SIDS is not what my child died of, but the fontanel not closing properly during birth e.g. I didn’t know about panting, so the head could shape properly for delivery. I knew he was not 'right' after the birth, I told the nurses he didn’t respond, but I was ignored until they too noticed he was lethargic 36 hours later. He had been bleeding from the soft brain tissue since delivery and was beyond help by the time they took suitable action. I was allowed to see him only once after they noticed he was unwell. He was perfect, 6 lbs, 4 oz, sleeping (?) with limbs slowly going slack.
He was born on 26 October 1965 at 4.35 am and died on 29 October 1965, also, at 4.35 am. I "knew" he had died precisely at that time, a cold clutching within, and when they came to tell me, at 7.30 am I told them to leave me alone as I already knew. Mother Superior told me that "God had delivered me of my living sin" and that I was never to forget that I was just "a vessel for man's dirty water". That was how they told me. I stopped being a catholic that day, forever.
I was not allowed to name my son; my parents and the convent named him Paul. His name to me always was Richard. I was not allowed to go to his funeral, "Requiem of the Angels", held 2 days later, nor was I told where he was actually laid to rest. Many years later, I went to the cemetery and asked to look at the layout plans, and finally found where he was. There was nothing to see, and just a jumble of long grass between two other infant sites. I am told my grandmother actually did visit him and tend his site, but by then she had been dead many years.
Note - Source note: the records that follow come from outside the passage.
Lemma right_cont_at0_sqr_dist f g a :
  right_cont_at0 f a -> right_cont_at0 g a ->
  right_cont_at0 (fun t => (f t - g t) * (f t - g t)) 0.
Proof.
  intros Hf Hg eps Heps.
  set (eta := Rmin 1 (eps / 4)).
  assert (Heta : 0 < eta) by (apply Rmin_glb_lt; lra).
  assert (Heta1 : eta <= 1) by apply Rmin_l.
  assert (Heta2 : eta <= eps / 4) by apply Rmin_r.
  destruct (Hf eta Heta) as [d1 [Hd1 H1]].
  destruct (Hg eta Heta) as [d2 [Hd2 H2]].
  exists (Rmin d1 d2). split; [apply Rmin_glb_lt; lra|]. intros t [Ht0 Ht].
  assert (Hf1 := H1 t (conj Ht0 (Rlt_le_trans _ _ _ Ht (Rmin_l d1 d2)))).
  assert (Hg2 := H2 t (conj Ht0 (Rlt_le_trans _ _ _ Ht (Rmin_r d1 d2)))).
  apply Rabs_def2 in Hf1. apply Rabs_def2 in Hg2.
  assert (Hsq : (f t - g t) * (f t - g t) < 4 * (eta * eta)).
  { assert (0 < (2 * eta - (f t - g t)) * (2 * eta + (f t - g t))) by (apply Rmult_lt_0_compat; lra).
    nra. }
  rewrite Rminus_0_r, Rabs_right by (apply Rle_ge, Rle_0_sqr). nra.
Qed.

Lemma right_cont_at0_bounded f a T : 0 < T -> right_cont_at0 f a ->
  (forall t, 0 < t <= T -> continuity_pt f t) ->
  exists N, 0 <= N /\ forall t, 0 < t <= T -> Rabs (f t) <= N.
Proof.
  intros HT Hf Hc.
  destruct (Hf 1 Rlt_0_1) as [d [Hd Hfd]].
  set (e := Rmin (d / 2) T).
  assert (He : 0 < e) by (apply Rmin_glb_lt; lra).
  assert (HeT : e <= T) by apply Rmin_r.
  assert (Hed : e <= d / 2) by apply Rmin_l.
  destruct (continuity_ab_maj f e T HeT) as [xmax [Hmax _]]. { intros; apply Hc; lra. }
  destruct (continuity_ab_min f e T HeT) as [xmin [Hmin _]]. { intros; apply Hc; lra. }
  exists (Rabs a + 1 + Rabs (f xmax) + Rabs (f xmin)).
  assert (H1 := Rabs_pos a). assert (H2 := Rabs_pos (f xmax)). assert (H3 := Rabs_pos (f xmin)).
  split; [lra|]. intros t Ht.
  destruct (Rlt_le_dec t d) as [Htd | Htd].
  - assert (Hnear := Hfd t ltac:(lra)).
    assert (Rabs (f t) <= Rabs (f t - a) + Rabs a).
    { replace (f t) with ((f t - a) + a) at 1 by ring. apply Rabs_triang. }
    lra.
  - assert (A1 := Hmax t ltac:(lra)). assert (A2 := Hmin t ltac:(lra)).
    assert (A3 := RRle_abs (f xmax)). assert (A4 := Rabs_maj2 (f xmin)).
    apply Rabs_le. lra.
Qed.

Lemma gronwall_vanishing_at0 (E dE : R -> R) K T : 0 <= K -> 0 < T ->
  right_cont_at0 E 0 ->
  (forall t, 0 < t <= T -> derivable_pt_lim E t (dE t) /\ dE t <= K * E t) ->
  E T <= 0.
Proof.
  intros HK HT HE0 HdE.
  set (h := fun t => E t * exp (- K * t)).
  assert (HhT : forall eps, 0 < eps -> h T < eps).
  { intros eps Heps. destruct (HE0 eps Heps) as [d [Hd Hsmall]].
    set (e := Rmin (d / 2) (T / 2)).
    assert (He : 0 < e) by (apply Rmin_glb_lt; lra).
    assert (HeT : e < T) by (apply (Rle_lt_trans _ (T / 2)); [apply Rmin_r | lra]).
    assert (Hed : e < d) by (apply (Rle_lt_trans _ (d / 2)); [apply Rmin_l | lra]).
    destruct (MVT_cor2 h (fun t => (dE t - K * E t) * exp (- K * t)) e T HeT)
      as [c [Hmvt Hc]].
    { intros c Hc. destruct (HdE c ltac:(lra)) as [HEc _].
      replace ((dE c - K * E c) * exp (- K * c))
        with (dE c * exp (- K * c) + E c * (- K * exp (- K * c))) by ring.
      apply (derivable_pt_lim_mult E (fun t => exp (- K * t))); [exact HEc|].
      apply is_derive_Reals. auto_derive; [exact I | ring]. }
    assert (Hdecay : (dE c - K * E c) * exp (- K * c) <= 0).
    { destruct (HdE c ltac:(lra)) as [_ Hc']. assert (H := exp_pos (- K * c)). nra. }
    assert (Hhe : h e < eps).
    { assert (Hsm := Hsmall e ltac:(lra)). rewrite Rminus_0_r in Hsm.
      apply Rabs_def2 in Hsm.
      assert (Hexp1 : exp (- K * e) <= 1).
      { rewrite <- exp_0. destruct (Rle_lt_or_eq_dec (- K * e) 0) as [Hlt | ->]; [nra | |].
        - left. apply exp_increasing, Hlt.
        - right. reflexivity. }
      assert (H := exp_pos (- K * e)). unfold h. nra. }
    assert (Hdrop : h T - h e <= 0).
    { rewrite Hmvt. apply Rmult_le_0_r; lra. }
    lra. }
  assert (HhT0 : E T * exp (- K * T) <= 0).
  { apply Rnot_lt_le. intros Hpos. specialize (HhT _ Hpos). unfold h in HhT. lra. }
  assert (H := exp_pos (- K * T)). nra.
Qed.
I was never officially told the cause of his death so I eventually trained as a midwife while living in England in 1974, purely to understand his cause of death.
Time does not heal, it just dulls, and occasionally the emotions take over when I look back at what I considered to be great injustices done to me back in those days.
I think this site has helped me - it has been a most private part of my life, and I have not shared these details with hardly anyone in my life.
What is the most difficult? Coping with a miscarriage, a still birth, or a death of one who lived a short while? and died needlessly through the incompetence of others.
Why do I still cry after all these years still? 40 years later.